Sombra na Porta
Por
Gustavo José
julho 18, 2025
Na calada da noite, o silêncio é cruel,
Um véu de escuridão cobre o céu.
No quarto frio, a porta range baixo,
Um vulto surge, um espectro sem laço.
É sombra, é vulto, é algo sem nome,
Um frio que corta, que o coração consome.
Na penumbra, seus olhos vazios me encaram,
Sem forma, sem rosto, mas sei que me amparam.

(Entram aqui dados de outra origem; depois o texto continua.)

Lemma mxrank_gram m q (Y : 'M[R]_(q, m)) : \rank (Y^T *m Y) = \rank Y.
Proof.
apply/eqP; rewrite eqn_leq mxrankM_maxr /=.
have sub : (kermx (Y^T *m Y) <= kermx Y^T)%MS.
  apply/sub_kermxP/row_matrixP => i; rewrite row_mul row0.
  have hx : row i (kermx (Y^T *m Y)) *m (Y^T *m Y) = 0.
    by rewrite -row_mul mulmx_ker row0.
  by apply: sqnorm_eq0; rewrite -bform_gram /bform hx mul0mx mxE.
have := mxrankS sub; rewrite !mxrank_ker mxrank_tr.
have := rank_leq_col Y; have := rank_leq_row (Y^T *m Y); lia.
Qed.

Lemma gram_unit p n (X : 'M[R]_(n, p)) (H : 'M[R]_(p, n)) :
  X *m H = 1%:M -> H^T *m H \in unitmx.
Proof.
move=> hXH; rewrite -row_free_unit /row_free mxrank_gram eqn_leq rank_leq_col.
by apply: (mulmx1_min_rank (M := X) (N := 1%:M)); rewrite mulmx1.
Qed.

End QuadraticForms.

Section TripleKernel.
Variables (R : fieldType) (n : nat) (D : 'M[R]_n).
Local Notation I := (1%:M : 'M[R]_n).
Local Notation K := (row_base (kermx D)).

Lemma row_base_kermx_mul : K *m D = 0.
Proof. by apply/sub_kermxP; rewrite eq_row_base. Qed.

Lemma rank_tens3_row_base_kermx : \rank (K *t K *t K) = ((n - \rank D) ^ 3)%N.
Proof.
have /row_freeP [Kr hKr] := row_base_free (kermx D).
have hK3 : 1%:M *m (K *t K *t K) *m (Kr *t Kr *t Kr) = 1%:M.
  by rewrite mul1mx !tensmx_mul hKr !tensmx11.
rewrite -mxrank_ker !expnS expn0 muln1 mulnA.
by apply/eqP; rewrite eqn_leq rank_leq_row (mulmx1_min_rank hK3).
Qed.

Lemma mulmx1B_ker m (x : 'rV[R]_m) (B Z : 'M[R]_m) :
  x *m B = 0 -> x *m (1%:M - B *m Z) = x.
Proof. by move=> hB; rewrite mulmxBr mulmx1 mulmxA hB mul0mx subr0. Qed.

Lemma sub_tens3_row_base_kermx (x : 'rV[R]_(n * n * n)) :
  x *m (D *t I *t I) = 0 -> x *m (I *t D *t I) = 0 -> x *m (I *t I *t D) = 0 ->
  (x <= K *t K *t K)%MS.
Proof.
move=> h1 h2 h3; set Z := pinvmx D; set P := 1%:M - D *m Z.
have [Y hY] : exists Y, P = Y *m K.
  apply/submxP; rewrite eq_row_base; apply/sub_kermxP.
  by rewrite mulmxBl mul1mx mulmxKpV // subrr.
have hP : P *t P *t P = (1%:M - (D *t I *t I) *m (Z *t I *t I)) *m
    (1%:M - (I *t D *t I) *m (I *t Z *t I)) *m (1%:M - (I *t I *t D) *m (I *t I *t Z)).
  rewrite !tensmx_mul !mulmx1 -!tensmx11 -!(tensmxBl, tensmxBr).
  by rewrite !tensmx_mul !mulmx1 !mul1mx.
have <- : x *m (P *t P *t P) = x.
  by rewrite hP !mulmxA !mulmx1B_ker.
have -> : P *t P *t P = (Y *t Y *t Y) *m (K *t K *t K) by rewrite hY !tensmx_mul.
by rewrite mulmxA submxMl.
Qed.

End TripleKernel.

Lemma trmx_tens3_mul (R : comPzRingType) m1 n1 m2 n2 m3 n3
    (A : 'M[R]_(m1, n1)) (B : 'M[R]_(m2, n2)) (C : 'M[R]_(m3, n3)) :
  (A *t B *t C)^T *m (A *t B *t C) = (A^T *m A) *t (B^T *m B) *t (C^T *m C).
Proof. by rewrite !trmx_tens !tensmx_mul. Qed.

Section BlockKernel.
Variables (R : realFieldType) (n : nat).
Local Notation I := (1%:M : 'M[R]_n).

Lemma bform_blockS (D M : 'M[R]_n) (u w : 'rV[R]_(n * n * n)) :
  D^T = D -> M^T = M ->
  bform (blockS D M) (row_mx u w) (row_mx u w) =
  bform (D *t M *t I) u u + bform (I *t M *t D) u u +
  bform (M *t D *t I) w w + bform (M *t I *t D) w w +
  bform (D *t I *t M) (u + w) (u + w) + bform (I *t D *t M) (u + w) (u + w).
Proof.
move=> hD hM.
have s5 : (D *t I *t M)^T = D *t I *t M by rewrite !trmx_tens hD hM trmx1.
have s6 : (I *t D *t M)^T = I *t D *t M by rewrite !trmx_tens hD hM trmx1.
rewrite /blockS bform_block !bformD !bformDl !bformDr.
rewrite (bformC w u s5) (bformC w u s6); ring.
Qed.

Lemma bform_tens3_gram_ge0 a b c (A : 'M[R]_(a, n)) (B : 'M[R]_(b, n))
    (C : 'M[R]_(c, n)) x :
  0 <= bform ((A^T *m A) *t (B^T *m B) *t (C^T *m C)) x x.
Proof. by rewrite -trmx_tens3_mul bform_gram_ge0. Qed.

Lemma bform_tens3_gram_eq0 a b c (A : 'M[R]_(a, n)) (B : 'M[R]_(b, n))
    (C : 'M[R]_(c, n)) x :
  bform ((A^T *m A) *t (B^T *m B) *t (C^T *m C)) x x = 0 ->
  x *m ((A^T *m A) *t (B^T *m B) *t (C^T *m C)) = 0.
Proof. by rewrite -trmx_tens3_mul; exact: bform_gram_eq0. Qed.

Variables (q : nat) (G H : 'M[R]_(q, n)).
Hypothesis HtH_unit : H^T *m H \in unitmx.
Local Notation D := (G^T *m G).
Local Notation M := (H^T *m H).

Lemma blockS_gram_kernel (u w : 'rV[R]_(n * n * n)) :
  row_mx u w *m blockS D M = 0 ->
  [/\ u *m (D *t I *t I) = 0, u *m (I *t D *t I) = 0 & u *m (I *t I *t D) = 0] /\
  [/\ w *m (D *t I *t I) = 0, w *m (I *t D *t I) = 0 & w *m (I *t I *t D) = 0].
Proof.
move=> hv.
have gI : I = I^T *m I by rewrite trmx1 mulmx1.
have hD : D^T = D by rewrite trmx_mul trmxK.
have hM : M^T = M by rewrite trmx_mul trmxK.
have hz : bform (blockS D M) (row_mx u w) (row_mx u w) = 0.
  by rewrite /bform hv mul0mx mxE.
rewrite bform_blockS // gI in hz.
have := bform_tens3_gram_ge0 G H I u; have := bform_tens3_gram_ge0 I H G u.
have := bform_tens3_gram_ge0 H G I w; have := bform_tens3_gram_ge0 H I G w.
have := bform_tens3_gram_ge0 G I H (u + w); have := bform_tens3_gram_ge0 I G H (u + w).
move=> g6 g5 g4 g3 g2 g1.
have gram_cancel a b c (A : 'M[R]_(a, n)) (B : 'M[R]_(b, n)) (C : 'M[R]_(c, n))
    (x : 'rV[R]_(n * n * n)) (Y Z : 'M[R]_(n * n * n)) :
    bform ((A^T *m A) *t (B^T *m B) *t (C^T *m C)) x x = 0 ->
    (A^T *m A) *t (B^T *m B) *t (C^T *m C) *m Y = Z -> x *m Z = 0.
  by move=> /bform_tens3_gram_eq0 h <-; rewrite mulmxA h mul0mx.
have hMi : M *m invmx M = I by rewrite mulmxV.
(* All six Gram forms vanish; cancelling the invertible factor M leaves D alone. *)
have r1 : u *m (D *t I *t I) = 0.
  apply: (gram_cancel _ _ _ G H I u (I *t invmx M *t I)); first lra.
  by rewrite -gI !tensmx_mul hMi !mulmx1.
have r2 : u *m (I *t I *t D) = 0.
  apply: (gram_cancel _ _ _ I H G u (I *t invmx M *t I)); first lra.
  by rewrite -gI !tensmx_mul hMi !mulmx1.
have r3 : w *m (I *t D *t I) = 0.
  apply: (gram_cancel _ _ _ H G I w (invmx M *t I *t I)); first lra.
  by rewrite -gI !tensmx_mul hMi !mulmx1.
have r4 : w *m (I *t I *t D) = 0.
  apply: (gram_cancel _ _ _ H I G w (invmx M *t I *t I)); first lra.
  by rewrite -gI !tensmx_mul hMi !mulmx1.
have r5 : (u + w) *m (D *t I *t I) = 0.
  apply: (gram_cancel _ _ _ G I H (u + w) (I *t I *t invmx M)); first lra.
  by rewrite -gI !tensmx_mul hMi !mulmx1.
have r6 : (u + w) *m (I *t D *t I) = 0.
  apply: (gram_cancel _ _ _ I G H (u + w) (I *t I *t invmx M)); first lra.
  by rewrite -gI !tensmx_mul hMi !mulmx1.
split; split => //.
- by rewrite -[u](addrK w) mulmxBl r6 r3 subr0.
- by rewrite -[w](addKr u) mulmxDl mulNmx r5 r1 oppr0 add0r.
Qed.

Não é vivo, não é morto, é além,
Um sussurro que gela, um vazio que vem.
No limiar da porta, ele paira e vigia,
Sua presença é peso, é noite sombria.
O chão range lento, o ar fica denso,
Cada passo meu trava, o medo é imenso.
É perto, é próximo, está logo ali,
Um vulto que observa, que nunca sorri.
No escuro, o contorno se forma e desfaz,
Um vulto que dança na luz que se esvai.
É espectro, é sombra, é algo que espera,
Na porta entreaberta, a alma se desespera.
Ó Terror Total, que me toma a razão,
No quarto assombrado, não há salvação.
A sombra me fita, seu olhar é um punhal,
Na noite sem fim, só resta o mal.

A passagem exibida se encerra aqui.